COPY requirements.txt .
RUN pip install --no-cache-dir -r requirements.txt

COPY train.py .

CMD ["python", "train.py"]

🧠 Step 4: requirements.txt¶

mlflow==2.14.1
scikit-learn
pandas
numpy

🧪 Step 5: train.py — Regression Example¶

import mlflow
import mlflow.sklearn
from sklearn.datasets import load_diabetes
from sklearn.ensemble import RandomForestRegressor
from sklearn.metrics import mean_squared_error
from sklearn.model_selection import train_test_split

# Set experiment
mlflow.set_experiment("Regression_Example")

# Load dataset
X, y = load_diabetes(return_X_y=True)
X_train, X_test, y_train, y_test = train_test_split(X, y, test_size=0.2, random_state=42)

# Train model
model = RandomForestRegressor(n_estimators=100, random_state=42)
model.fit(X_train, y_train)
predictions = model.predict(X_test)
mse = mean_squared_error(y_test, predictions)

# Log with MLflow
with mlflow.start_run(run_name="RandomForestRegression"):
    mlflow.log_param("n_estimators", 100)
    mlflow.log_metric("mse", mse)
    mlflow.sklearn.log_model(model, artifact_path="model")
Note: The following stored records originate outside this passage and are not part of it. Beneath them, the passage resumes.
(* Let $p\geqslant 2$ be a prime number and let $P(x)\in\mathbb{Q}[x]$ be a polynomial of degree $d$, written as $P(x)=\sum_{i=0}^{d}\frac{b_i}{c_i}x^i$ with $b_i,c_i\in\mathbb{Z}$, $c_i\neq 0$, $\gcd(b_i,c_i)=1$. Let $\gamma\in\mathbb{Z}$, and for $i\in\{0,\dots,d\}$ write $P(\gamma+i)=\frac{r_i}{q_i}$ with $r_i,q_i\in\mathbb{Z}$, $q_i\neq 0$, $\gcd(r_i,q_i)=1$. Suppose $r_0\equiv r_1\equiv\dots\equiv r_d\equiv 0\pmod p$ and $d<p$. Then $b_0\equiv b_1\equiv\dots\equiv b_d\equiv 0\pmod p$. *)

From mathcomp Require Import all_boot all_order all_algebra.
Set Implicit Arguments. Unset Strict Implicit. Unset Printing Implicit Defensive.

From HB Require Import structures.
From mathcomp Require Import all_boot all_order all_algebra ring zify.
Import Order.TTheory GRing.Theory Num.Theory.
Local Open Scope ring_scope.

(* Lagrange interpolation at the nodes gamma, ..., gamma + d writes P as
   \sum_j P(gamma + j) L_j, and the only denominators in the L_j are the
   differences j - k with 0 < |j - k| <= d < p, which are prime to p.  Hence
   the L_j have coefficients in the local ring Z_(p); as every value
   P(gamma + j) lies in p Z_(p), so does every coefficient b_i / c_i of P,
   and then p divides b_i. *)

Section PIntegral.

Variable p : nat.

(* For prime p this is Z_(p); for any p it is the localization of Z at the
   integers prime to p. *)
Definition p_integral : qualifier 1 rat :=
  [qualify a x : rat | coprime p `|denq x|].

Lemma p_integral_frac (a b : int) :
  b != 0 -> coprime p `|b| -> a%:~R / b%:~R \is a p_integral.
Proof.
move=> b_neq0 p_b; rewrite qualifE /=; apply: coprime_dvdr p_b.
set x := a%:~R / b%:~R.
have xbE : (numq x * b = a * denq x)%R.
  apply: (@intr_inj rat); rewrite !rmorphM /= numqE /x.
  by rewrite mulrAC divfK ?intr_eq0 // mulrC.
have : (denq x %| numq x * b)%Z by rewrite xbE dvdz_mull.
by rewrite Gauss_dvdzr // coprimez_sym; apply: coprime_num_den.
Qed.

Lemma p_integral_invz (b : int) :
  b != 0 -> coprime p `|b| -> b%:~R^-1 \is a p_integral.
Proof. by move=> b_neq0 p_b; rewrite -div1r (p_integral_frac 1). Qed.

Lemma p_integralP x :
  reflect (exists a b : int, [/\ b != 0, coprime p `|b| & x = a%:~R / b%:~R])
          (x \is a p_integral).
Proof.
apply: (iffP idP) => [p_x | [a [b [b_neq0 p_b ->]]]]; last exact: p_integral_frac.
by exists (numq x), (denq x); rewrite denq_neq0 divq_num_den.
Qed.

Fact p_integral_subring_closed : subring_closed p_integral.
Proof.
split=> [|_ _ /p_integralP[a1 [b1 [b1_neq0 p_b1 ->]]]
             /p_integralP[a2 [b2 [b2_neq0 p_b2 ->]]]
        |_ _ /p_integralP[a1 [b1 [b1_neq0 p_b1 ->]]]
             /p_integralP[a2 [b2 [b2_neq0 p_b2 ->]]]].
- by rewrite qualifE /= coprimen1.
- have -> : a1%:~R / b1%:~R - a2%:~R / b2%:~R
            = (a1 * b2 - a2 * b1)%:~R / (b1 * b2)%:~R :> rat.
    by rewrite rmorphB !rmorphM /=; field; rewrite !intr_eq0 b1_neq0 b2_neq0.
  by apply: p_integral_frac; rewrite ?mulf_neq0 // abszM coprimeMr p_b1.
- rewrite mulf_div -!rmorphM /=.
  by apply: p_integral_frac; rewrite ?mulf_neq0 // abszM coprimeMr p_b1.
Qed.

HB.instance Definition _ :=
  GRing.isSubringClosed.Build rat _ p_integral_subring_closed.

End PIntegral.

Section LagrangeOverSubring.

Variables (K : fieldType) (S : subringClosed K) (n : nat) (x : nat -> K).
Hypotheses (n_gt0 : (0 < n)%N) (x_inj : injective x).
Hypothesis x_in : forall k : 'I_n, x k \in S.
Hypothesis subxV_in : forall j k : 'I_n, j != k -> (x j - x k)^-1 \in S.

Lemma lagrange_polyOver (i : 'I_n) :
  (tnth (n.-lagrange x) i : {poly K}) \is a polyOver S.
Proof.
rewrite (lagrangeE n_gt0 x_inj); apply: rpredM; last first.
  by apply: rpred_prod => k _; rewrite polyOverXsubC.
rewrite polyOverC horner_prod -prodfV; apply: rpred_prod => k k_neq_i.
by rewrite hornerXsubC subxV_in // eq_sym.
Qed.

Lemma polyOver_of_samples (P : {poly K}) :
  (size P <= n)%N -> (forall i : 'I_n, P.[x i] \in S) -> P \is a polyOver S.
Proof.
move=> size_P P_x; rewrite (lagrange_gen n_gt0 x_inj size_P).
by apply: rpred_sum => i _; rewrite rpredM ?polyOverC ?lagrange_polyOver.
Qed.

End LagrangeOverSubring.

Lemma prime_coprime_sub (p j k : nat) :
  prime p -> (j < p)%N -> (k < p)%N -> j != k -> coprime p `|j%:Z - k%:Z|.
Proof.
move=> p_prime j_lt_p k_lt_p j_neq_k; rewrite prime_coprime // gtnNdvd //.
  by rewrite absz_gt0 subr_eq0 eqz_nat.
lia.
Qed.

Section PrimeDenominators.

Variables (p : nat) (p_prime : prime p).

Lemma p_integral_divp (r q : int) :
  q != 0 -> (p%:Z %| r)%Z -> coprimez r q ->
  p%:R^-1 * (r%:~R / q%:~R) \is a p_integral p.
Proof.
move=> q_neq0 /dvdzP[k ->] r_q.
have p_neq0 : p%:R != 0 :> rat by rewrite pnatr_eq0 -lt0n prime_gt0.
have -> : p%:R^-1 * ((k * p)%:~R / q%:~R) = k%:~R / q%:~R :> rat.
  by rewrite rmorphM /= pmulrn; field; rewrite p_neq0 intr_eq0 q_neq0.
apply: p_integral_frac; rewrite // prime_coprime //; apply: contraL r_q => p_q.
by rewrite coprimezMl [coprimez p%:Z _]coprimezE /= prime_coprime // p_q andbF.
Qed.

Lemma dvdz_of_p_integral (m n : int) :
  n != 0 -> p%:R^-1 * (m%:~R / n%:~R) \is a p_integral p -> (p%:Z %| m)%Z.
Proof.
move=> n_neq0 /p_integralP[a [b [b_neq0 p_b ab_eq]]].
have p_neq0 : p%:R != 0 :> rat by rewrite pnatr_eq0 -lt0n prime_gt0.
have mb_eq : (m * b = p%:Z * a * n)%R.
  have : m%:~R / n%:~R = p%:R * a%:~R / b%:~R :> rat.
    by rewrite -mulrA -ab_eq mulVKf.
  move/eqP; rewrite eqr_div ?intr_eq0 // => /eqP mb_eq.
  by apply/eqP; rewrite -(eqr_int rat) !rmorphM /= mb_eq.
have : (p%:Z %| m * b)%Z by rewrite mb_eq -mulrA dvdz_mulr.
by rewrite Gauss_dvdzl.
Qed.

End PrimeDenominators.

Theorem lemma3p3 (p : nat) (P : {poly rat}) (d : nat)
    (b c : nat -> int) (gamma : int) (r q : nat -> int) :
  prime p ->
  size P = d.+1 ->
  (forall i, (i <= d)%N ->
     c i != 0 /\ coprimez (b i) (c i) /\ P`_i = (b i)%:~R / (c i)%:~R) ->
  (forall i, (i <= d)%N ->
     q i != 0 /\ coprimez (r i) (q i) /\
     P.[gamma%:~R + i%:R] = (r i)%:~R / (q i)%:~R) ->
  (forall i, (i <= d)%N -> (p%:Z %| r i)%Z) ->
  (d < p)%N ->
  forall i, (i <= d)%N -> (p%:Z %| b i)%Z.
Proof.
move=> p_prime size_P coef_P val_P p_dvd_r d_lt_p i le_id.
pose x k : rat := gamma%:~R + k%:R.
have x_inj : injective x by move=> j k /addrI /eqP; rewrite eqr_nat => /eqP.
have P_divp : p%:R^-1 *: P \is a polyOver (p_integral p).
  apply: (@polyOver_of_samples _ _ d.+1 x) => //.
  - by move=> k; rewrite rpredD ?rpred_int ?rpred_nat.
  - move=> j k j_neq_k; have -> : x j - x k = (j%:Z - k%:Z)%:~R.
      by rewrite /x rmorphB /= opprD addrACA subrr add0r.
    have lt_p (l : 'I_d.+1) : (l < p)%N by apply: leq_trans d_lt_p.
    by rewrite p_integral_invz ?subr_eq0 ?eqz_nat // prime_coprime_sub ?lt_p.
  - by rewrite (leq_trans (size_scale_leq _ _)) ?size_P.
  - move=> j; have j_le_d : (j <= d)%N by rewrite -ltnS.
    have [q_neq0 [r_q valE]] := val_P j j_le_d.
    rewrite hornerZ [P.[_]]valE.
    by apply: p_integral_divp => //; apply: p_dvd_r.
have [c_neq0 [_ coefE]] := coef_P i le_id.
by move/polyOverP/(_ i): P_divp; rewrite coefZ coefE; apply: dvdz_of_p_integral.
Qed.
print("✅ Training complete")
print("🌐 MLflow tracking URI:", mlflow.get_tracking_uri())

▶️ Step 6: Build and Run Everything¶

From your terminal inside the folder:

docker compose up --build

When you see:

mlflow-server  | Listening at: http://0.0.0.0:5000

Go to your browser:
👉 http://localhost:5000

You’ll see:

Experiment: Regression_Example
Run: RandomForestRegression
Metrics: mse
Artifacts: model/

🧩 Step 7: Verify Artifacts on Your Host¶

After training completes, check locally:

ls mlruns/0/

You should see a folder with your run_id, like:

mlruns/0/fe3f0745d91548c38c8b8f0a3f3c4759/

Inside:

artifacts/model/

✅ This is your trained model, stored locally.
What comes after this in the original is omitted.